Saved entries
Lemma expectation_chebSS_le n :
  \int[P]_t (sqfrob_cheb n.+2 t)%:E <=
  (4%:E * \int[P]_t (opnorm (Ahat n.+2 t) ^+ 2)%:E +
   2%:E * \int[P]_t (opnorm (Ahat n.+2 t))%:E) * \int[P]_t (sqfrob_cheb n.+1 t)%:E +
  (2%:E * \int[P]_t (opnorm (Ahat n.+2 t))%:E + 1) * \int[P]_t (sqfrob_cheb n t)%:E.
Proof.
pose a t := opnorm (Ahat n.+2 t).
have a0 t : (0 <= a t)%R by exact: opnorm_ge0.
have ma : measurable_fun setT a by apply: measurable_opnorm; exact: Ahat_measurable.
have := expectation_chebSS_le_indep n.
have lin := ge0_integral_lincomb P (fun t => a t ^+ 2)%R a 4 2; rewrite /= in lin.
rewrite lin //; last 2 first.
- exact: measurable_funX.
- by move=> t; exact: sqr_ge0.
rewrite (_ : \int[P]_t (2 * a t + 1)%:E = 2%:E * \int[P]_t (a t)%:E + 1) //.
have a2_ge0 t : [set: T] t -> 0 <= 2%:E * (a t)%:E by rewrite lee_fin mulr_ge0.
have m2a : measurable_fun setT (fun t => 2%:E * (a t)%:E).
  by under eq_fun do rewrite -EFinM; apply/measurable_EFinP/measurable_funM => //;
    exact: measurable_cst.
under eq_integral do rewrite EFinD EFinM.
rewrite ge0_integralD // ge0_integralZl_EFin ?integral_cst_prob //.
- by move=> t _; rewrite lee_fin.
- exact/measurable_EFinP.
Qed.

End ChebyshevExpectation.

Theorem mainTheorem3 (R : realType) (D : nat) (d : measure_display)
    (T : measurableType d) (P : probability T R)
    (A : 'M[R]_D) (Ahat : nat -> T -> 'M[R]_D) (alpha : R) :
  A^T = A ->
  mutually_independent P [set j | (0 < j)%N] Ahat ->
  (forall j, (0 < j)%N -> forall i l : 'I_D,
      P.-integrable setT (fun t => (Ahat j t i l)%:E) /\
      (\int[P]_t (Ahat j t i l)%:E = (A i l)%:E)%E) ->
  (forall k, (0 < k)%N ->
      (4%:E * \int[P]_t ((opnorm (Ahat k t)) ^+ 2)%:E
       + 2%:E * \int[P]_t (opnorm (Ahat k t))%:E + 1 <= alpha%:E)%E) ->
  forall k : nat,
    (\int[P]_t ((frobnorm (cheb (fun j => Ahat j t) k)) ^+ 2)%:E
     <= (D%:R * alpha ^+ k)%:E)%E.
Proof.
move=> _ Ahat_indep Ahat_int Ahat_moments k.
have Ahat_meas j : (0 < j)%N -> mx_measurable (Ahat j).
  by move=> j0 i l; apply/measurable_EFinP; exact: measurable_int (Ahat_int j j0 i l).1.
have moments j (j0 : (0 < j)%N) := ereal_moment_bounds _ _ _
  (integral_ge0 _ (fun t _ => opnorm_ge0 (Ahat j t) : (0 <= (opnorm (Ahat j t))%:E)%E))
  (integral_ge0 _ (fun t _ => sqr_ge0 (opnorm (Ahat j t)) : (0 <= (opnorm (Ahat j t) ^+ 2)%:E)%E))
  (Ahat_moments j j0).
have [_ _ moment2_le alpha_ge1] := moments 1%N isT.
pose e n := (\int[P]_t (sqfrob (cheb (fun j => Ahat j t) n))%:E)%E.
under eq_integral do rewrite sqr_frobnorm.
rewrite -/(e k); move: k; apply: ereal_two_step_bound => // [n|||n].
- by apply: integral_ge0 => t _; rewrite lee_fin sqfrob_ge0.
- by rewrite /e expectation_cheb0.
- apply: le_trans (expectation_cheb1_le _ _ Ahat_meas) _.
  by rewrite EFinM lee_wpmul2l.
- have [coef1_le coef2_le _ _] := moments n.+2 isT.
  apply: le_trans (expectation_chebSS_le _ _ Ahat_indep Ahat_meas n) _.
  by apply: leeD; apply: lee_wpmul2r => //; apply: integral_ge0 => t _;
    rewrite lee_fin sqfrob_ge0.
Qed.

## WHAT YOU WILL DO
Only the lines from the one containing "by apply: leeD;" through the final line of the data belong in the answer, repeated exactly.

## RESPONSE FOR THIS EXERCISE
  by apply: leeD; apply: lee_wpmul2r => //; apply: integral_ge0 => t _;
    rewrite lee_fin sqfrob_ge0.
Qed.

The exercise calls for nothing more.